The validity of genera and species in the Capsalinae and Trochopodinae are now most in need of extensive reappraisal ,these two large subfamilies each comprise approximately 50 species and together account for more than 50% of all described capsalid taxa. Egorova (1989) and Lamothe Argumedo (1997) disagree about the number of capsaline genera which impacts on the composition of other genera. The Trochopodinae, almost exclusively parasites from gills of perciform teleosts, are perhaps the most morphologically diverse subfamily with regard to: number of haptoral loculi; arrangement of anterior attachment apparatus; number of testes (two arranged either juxtaposed Megalocotyloides or in tandem Macrophyllida four Trilobiodiscus or multiple in two groups. Sprostoniella Egorova 1994. The large number of genera containing few species reflects morphological diversity in trochopodines: all but three of the 17 genera contain only one to three species
Diagnostic characters of this genus are the two neighboring groups of testes, and the structure of loculi of the haptor. These characters were confirmed by Ergorova (1994) in her revision of Trochopodinae.

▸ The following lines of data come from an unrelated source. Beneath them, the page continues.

Definition is_free (Eqs : identities) (X : Type) (F : algebra) (eta : X -> F)
  : Prop :=
  in_var Eqs F /\
  forall B : algebra, in_var Eqs B -> forall v : X -> B,
    (exists h : F -> B, is_hom h /\ forall x, h (eta x) = v x) /\
    (forall h1 h2 : F -> B, is_hom h1 -> is_hom h2 ->
       (forall x, h1 (eta x) = h2 (eta x)) -> forall y, h1 y = h2 y).

Definition projective (Eqs : identities) (P : algebra) : Prop :=
  exists (X : Type) (F : algebra) (eta : X -> F) (i : P -> F) (r : F -> P),
    is_free Eqs eta /\ is_hom i /\ is_hom r /\ forall x, r (i x) = x.

(* Exact: isomorphic to a finitely generated subalgebra of a finitely
   generated free algebra, i.e. finitely generated and embeddable (injective
   homomorphism) into a free algebra on finitely many generators. *)
Definition exact (Eqs : identities) (E : algebra) : Prop :=
  finitely_generated E /\
  exists (n : nat) (F : algebra) (eta : 'I_n -> F) (e : E -> F),
    is_free Eqs eta /\ is_hom e /\ injective e.

Definition strongly_projective (Eqs : identities) (S0 : algebra) : Prop :=
  projective Eqs S0 /\
  forall (P : algebra) (i : S0 -> P),
    projective Eqs P -> is_hom i -> injective i ->
    exists j : P -> S0, is_hom j /\ forall x, j (i x) = x.

Definition oneESP (Eqs : identities) : Prop :=
  forall A : algebra, one_generated A -> exact Eqs A -> strongly_projective Eqs A.

Definition prod_alg (m : nat) (E : 'I_m -> algebra) : algebra :=
  @Algebra (forall k : 'I_m, E k)
    (fun f args k => @interp (E k) f (fun i => args i k)).

Definition proj (m : nat) (E : 'I_m -> algebra) (k : 'I_m) :
  prod_alg E -> E k := fun x => x k.

(* Algebraic e-generalization problem (F is the free algebra on one
   generator, fixed in the theorem). *)
Definition egen_problem (Eqs : identities) (F : algebra) (m : nat)
  (E : 'I_m -> algebra) (h : F -> prod_alg E) : Prop :=
  is_hom h /\
  (forall k, one_generated (E k) /\ exact Eqs (E k)) /\
  (forall k (y : E k), exists x, proj k (h x) = y).

Definition solution (Eqs : identities) (F : algebra) (m : nat)
  (E : 'I_m -> algebra) (h : F -> prod_alg E) (P : algebra) (g : F -> P)
  : Prop :=
  is_hom g /\ projective Eqs P /\ finitely_generated P /\
  exists f : P -> prod_alg E, is_hom f /\ forall x, f (g x) = h x.

Definition gen_le (F P P' : algebra) (g : F -> P) (g' : F -> P') : Prop :=
  exists f : P' -> P, is_hom f /\ forall x, f (g' x) = g x.

Definition ker (A B : algebra) (g : A -> B) : A -> A -> Prop :=
  fun x y => g x = g y.

Definition in_G (Eqs : identities) (F : algebra) (m : nat)
  (E : 'I_m -> algebra) (h : F -> prod_alg E) (R : F -> F -> Prop) : Prop :=
  exists (P : algebra) (g : F -> P),
    solution Eqs h g /\ forall x y, R x y <-> ker g x y.

(* (𝒜(h), ⊑) is dually isomorphic to (𝒢(h), ⊆): there is a map Phi from
   solutions to 𝒢(h), onto 𝒢(h), with  g ⊑ g'  <->  Phi g' ⊆ Phi g.
   (This forces Phi to be constant on ⊑-equivalence classes and injective on
   them, i.e. an order-reversing bijection 𝒜(h) -> 𝒢(h).) *)
Definition dually_isomorphic_AG (Eqs : identities) (F : algebra) (m : nat)
  (E : 'I_m -> algebra) (h : F -> prod_alg E) : Prop :=
  exists Phi : forall P : algebra, (F -> P) -> F -> F -> Prop,
    (forall (P : algebra) (g : F -> P), solution Eqs h g -> in_G Eqs h (Phi P g))
    /\ (forall R, in_G Eqs h R ->
          exists (P : algebra) (g : F -> P),
            solution Eqs h g /\ forall x y, R x y <-> Phi P g x y)
    /\ (forall (P : algebra) (g : F -> P) (P' : algebra) (g' : F -> P'),
          solution Eqs h g -> solution Eqs h g' ->
          (gen_le g g' <-> forall x y, Phi P' g' x y -> Phi P g x y)).

End UniversalAlgebra.

(* Order solutions by their kernels.  If g ⊑ g' then ker g' ⊆ ker g trivially.
   Conversely, let ker g' ⊆ ker g with g' : F(z) -> P' and P' projective.  The
   image of g' is a 1-generated subalgebra of P'; its generator is a term in
   finitely many free generators of the free algebra of which P' is a retract,
   and the subalgebra they generate is free on them, so the image is exact.
   By 1ESP it is strongly projective, hence a retract j of P'.  Since
   ker g' ⊆ ker g, g factors through the image by some k, and f := k ∘ j
   witnesses g ⊑ g'.  Hence g ↦ ker g is a dual isomorphism. *)
From Stdlib Require Import ClassicalEpsilon ProofIrrelevance FunctionalExtensionality.
From Stdlib Require List.
From mathcomp Require Import all_boot.
Set Implicit Arguments.
Unset Strict Implicit.
Unset Printing Implicit Defensive.

Lemma In_enum (T : finType) (x : T) : List.In x (enum T).
Proof.
have : x \in enum T by rewrite mem_enum.
elim: (enum T) => [|y s IH] //=; rewrite in_cons => /orP [/eqP ->|/IH]; by [left|right].
Qed.

Section UniversalAlgebra.
Variable S : signature.
Implicit Types A B C F P : algebra S.

Lemma is_hom_comp A B C (f : A -> B) (g : B -> C) :
  is_hom f -> is_hom g -> is_hom (g \o f).
Proof. by move=> Hf Hg o args /=; rewrite Hf Hg. Qed.

Lemma hom_eval A B (h : A -> B) (X : Type) (env : X -> A) (t : term S X) :
  is_hom h -> h (eval env t) = eval (h \o env) t.
Proof.
move=> Hh; elim: t => [x|o args IH] //=.
by rewrite Hh; f_equal; apply: functional_extensionality.
Qed.

Definition subalg A (U : A -> Prop) (HU : closed_sub U) : algebra S :=
  @Algebra S {x : A | U x}
    (fun o args => exist U (interp (fun i => sval (args i)))
                     (HU o _ (fun i => proj2_sig (args i)))).

Section Subalgebra.
Variables (A : algebra S) (U : A -> Prop) (HU : closed_sub U).

Lemma subalg_val_hom : is_hom (fun x : subalg HU => sval x).
Proof. by []. Qed.

Lemma subalg_val_inj : injective (fun x : subalg HU => sval x).
Proof. by move=> [x Hx] [y Hy] /= Exy; subst y; f_equal; apply: proof_irrelevance. Qed.

Lemma subalg_in_var Eqs : in_var Eqs A -> (exists a, U a) -> in_var Eqs (subalg HU).
Proof.
move=> [_ HA] [a Ua]; split; first by constructor; exact: (exist U a Ua).
move=> s t Est env; apply: subalg_val_inj.
by rewrite /= !(hom_eval _ _ subalg_val_hom); apply: HA.
Qed.

Variables (B : algebra S) (e : B -> A) (HeU : forall b, U (e b)).

Definition corestr (b : B) : subalg HU := exist U (e b) (HeU b).

Lemma corestr_hom : is_hom e -> is_hom corestr.
Proof. by move=> He o args; apply: subalg_val_inj; apply: He. Qed.

Lemma corestr_inj : injective e -> injective corestr.
Proof. by move=> He b b' /(f_equal sval) /He. Qed.

End Subalgebra.
Arguments subalg_val_hom {A U} HU.
Arguments subalg_val_inj {A U} HU.

Definition gen_sub A (G : A -> Prop) : A -> Prop :=
  fun x => forall V : A -> Prop, closed_sub V -> (forall y, G y -> V y) -> V x.

Lemma gen_sub_closed A (G : A -> Prop) : closed_sub (gen_sub G).
Proof. by move=> o args Hargs V HV HGV; apply: (HV) => i; apply: Hargs. Qed.
Arguments gen_sub_closed {A} G.

Lemma gen_sub_base A (G : A -> Prop) y : G y -> gen_sub G y.
Proof. by move=> Gy V _ HGV; apply: HGV. Qed.

Lemma gen_subalg_generated A (G : A -> Prop) :
  generated_by (fun y : subalg (gen_sub_closed G) => G (sval y)).
Proof.
move=> V HV HGV [x Hx].
pose W x := gen_sub G x /\ forall Hx : gen_sub G x, V (exist _ x Hx).
suff [_ ] : W x by apply.
apply: Hx => [o args Wargs | y Gy].
- split; first by apply: gen_sub_closed => i; case: (Wargs i).
  move=> Hx; set u := exist _ _ Hx.
  have -> : u = @interp S (subalg (gen_sub_closed G)) o
                  (fun i => exist _ (args i) (Wargs i).1).
    exact: subalg_val_inj.
  by apply: HV => i; apply: (Wargs i).2.
- by split=> [|Hy]; [apply: gen_sub_base | apply: (HGV (exist _ y Hy))].
Qed.

Fixpoint vars X (t : term S X) : list X :=
  match t with
  | Var x => [:: x]
  | App o args => List.flat_map (fun i => vars (args i)) (enum 'I_(arity o))
  end.

Lemma gen_sub_eval A (G : A -> Prop) X (env : X -> A) (t : term S X) :
  (forall x, List.In x (vars t) -> G (env x)) -> gen_sub G (eval env t).
Proof.
elim: t => [x|o args IH] /= Hvars; first by apply: gen_sub_base; apply: Hvars; left.
apply: gen_sub_closed => i; apply: IH => x Hx; apply: Hvars.
by apply/List.in_flat_map; exists i; split; first exact: In_enum.
Qed.

Lemma vars_enum X (x0 : X) (t : term S X) :
  exists n (v : 'I_n -> X),
    injective v /\ forall x, List.In x (vars t) -> exists k, v k = x.
Proof.
pose dec (x y : X) := excluded_middle_informative (x = y).
pose l := List.nodup dec (vars t).
exists (List.length l), (fun k => List.nth k l x0); split.
  move=> [i Hi] [j Hj] /= Eij; apply: val_inj => /=.
  by apply: (proj1 (List.NoDup_nth l x0) (List.NoDup_nodup dec _)) Eij; apply/ltP.
move=> x /(List.nodup_In dec) /(List.In_nth _ _ x0) [k [Hk <-]].
by exists (Ordinal (introT ltP Hk)).
Qed.

Definition extend_inj X (T : Type) n (v : 'I_n -> X) (w : 'I_n -> T) (b0 : T) (x : X) : T :=
  match excluded_middle_informative (exists k, v k = x) with
  | left Hx => w (proj1_sig (constructive_indefinite_description _ Hx))
  | right _ => b0
  end.

Lemma extend_injE X (T : Type) n (v : 'I_n -> X) (w : 'I_n -> T) (b0 : T) k :
  injective v -> extend_inj v w b0 (v k) = w k.
Proof.
rewrite /extend_inj => Hv; case: excluded_middle_informative => [Hx|[]]; last by exists k.
by case: (constructive_indefinite_description _ Hx) => k' /= /Hv ->.
Qed.

Section Free.
Variables (Eqs : identities S) (X : Type) (F : algebra S) (eta : X -> F).
Hypothesis HF : is_free Eqs eta.

Lemma free_generated (U : F -> Prop) :
  closed_sub U -> (forall x, U (eta x)) -> (exists a, U a) -> forall y, U y.
Proof.
move=> HU Ueta Une y.
have [[phi [Hphi phi_eta]] _] :=
  HF.2 _ (subalg_in_var HU HF.1 Une) (fun x => exist U (eta x) (Ueta x)).
have val_phi : forall y, sval (phi y) = y.
  apply: ((HF.2 _ HF.1 eta).2 (sval \o phi) id) => //.
    exact: is_hom_comp Hphi (subalg_val_hom HU).
  by move=> x /=; rewrite phi_eta.
by rewrite -[y]val_phi; apply: proj2_sig.
Qed.

Lemma free_eval_surj (x0 : X) (y : F) : exists t, eval eta t = y.
Proof.
move: y; apply: (@free_generated (fun y => exists t, eval eta t = y)).
- move=> o args /(choice _) [ts Hts].
  by exists (App ts) => /=; f_equal; apply: functional_extensionality.
- by move=> x; exists (Var S x).
- by exists (eta x0), (Var S x0).
Qed.

Section GeneratedByFinitelyMany.
Variables (n : nat) (v : 'I_n -> X).
Hypothesis v_inj : injective v.

Let G (y : F) := exists k, eta (v k) = y.

Definition gen_free_eta (k : 'I_n) : subalg (gen_sub_closed G) :=
  exist _ (eta (v k)) (gen_sub_base (ex_intro _ k erefl)).

Lemma gen_subalg_free : (exists a, gen_sub G a) -> is_free Eqs gen_free_eta.
Proof.
move=> Gne; split; first exact: subalg_in_var HF.1 Gne.
move=> B HB w; split.
  have [b0] := HB.1.
  have [[phi [Hphi phi_eta]] _] := HF.2 B HB (extend_inj v w b0).
  exists (phi \o sval); split; first exact: is_hom_comp (subalg_val_hom _) Hphi.
  by move=> k /=; rewrite phi_eta extend_injE.
move=> h1 h2 H1 H2 Heq; apply: (@gen_subalg_generated _ G (fun y => h1 y = h2 y)).
  by move=> o args Hargs; rewrite H1 H2; f_equal; apply: functional_extensionality.
move=> y [k Hk]; have -> : y = gen_free_eta k by apply: subalg_val_inj.
exact: Heq.
Qed.

End GeneratedByFinitelyMany.

Lemma free_ord0 (eta0 : 'I_0 -> F) : (X -> False) -> is_free Eqs eta0.
Proof.
move=> HX; split; first exact: HF.1.
move=> B HB w; have [[phi [Hphi _]] phi_uniq] := HF.2 B HB (fun x => False_rect B (HX x)).
split; first by exists phi; split=> // -[].
by move=> h1 h2 H1 H2 _; apply: phi_uniq => // x; case: (HX x).
Qed.

Lemma exact_of_embedding_free A (e : A -> F) :
  one_generated A -> is_hom e -> injective e -> exact Eqs A.
Proof.
move=> [a0 Hgen] He e_inj; split.
  exists 1, (fun _ => a0) => V HV HGV.
  by apply: Hgen => // x ->; apply: HGV; exists ord0.
(* With no variables (and possibly no constants) F need not be generated by
   term values, but it is then itself free on 'I_0. *)
case: (classic (inhabited X)) => [[x0]|HX]; last first.
  exists 0, F, (fun _ => e a0), e; split=> //.
  by apply: free_ord0 => x; apply: HX.
have [t Ht] := free_eval_surj x0 (e a0).
have [n [v [v_inj Hv]]] := vars_enum x0 t.
pose G y := exists k, eta (v k) = y.
have eG : forall a, gen_sub G (e a).
  apply: Hgen => [o args Hargs | a ->]; first by rewrite He; apply: gen_sub_closed.
  by rewrite -Ht; apply: gen_sub_eval => x /Hv [k <-]; exists k.
exists n, (subalg (gen_sub_closed G)), (gen_free_eta v), (corestr (gen_sub_closed G) eG).
split; first by apply: gen_subalg_free => //; exists (e a0).
by split; [apply: corestr_hom | apply: corestr_inj].
Qed.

The Genus consist of three species of Sprostoniella, S. lamothei Pérez-Ponce de Léon & Mendoza-Garfias, 2000;S. multitestis Bychowsky & Nagibina, 1967; S. micrancyra Cezar, Luque y Amato, 1999.
Bychowsky & Nagibina (1967) established Sprostoniella with the type species S. multitestis parasitic on Platax pinnatus (L.). Sprostoniella micrancyra as described as new species are differ from S. multitestis by the arrangement of septa (with 17 septa, two of them bifid and two incomplet whereas 17 septa, two of them trifid in S. multitestis. Moreover, Sprostoniella micrancyra showed two central loculi, while S. multitestis only one, in Sprostoniella micrancyra the first pair of anchors is small and poorly developed, while in S. multitestis is well developed and strong (Cezar et.al, 1999).
The specimens described in this study differ from the two types above by the fallowing: 11 septa; not bifid, incomplete and central locale absent, one pairs of anchors; Testes, in two groups, each group with 9 testes. So we consider this as a new species and Platax teira represents a new host and new geographical dist.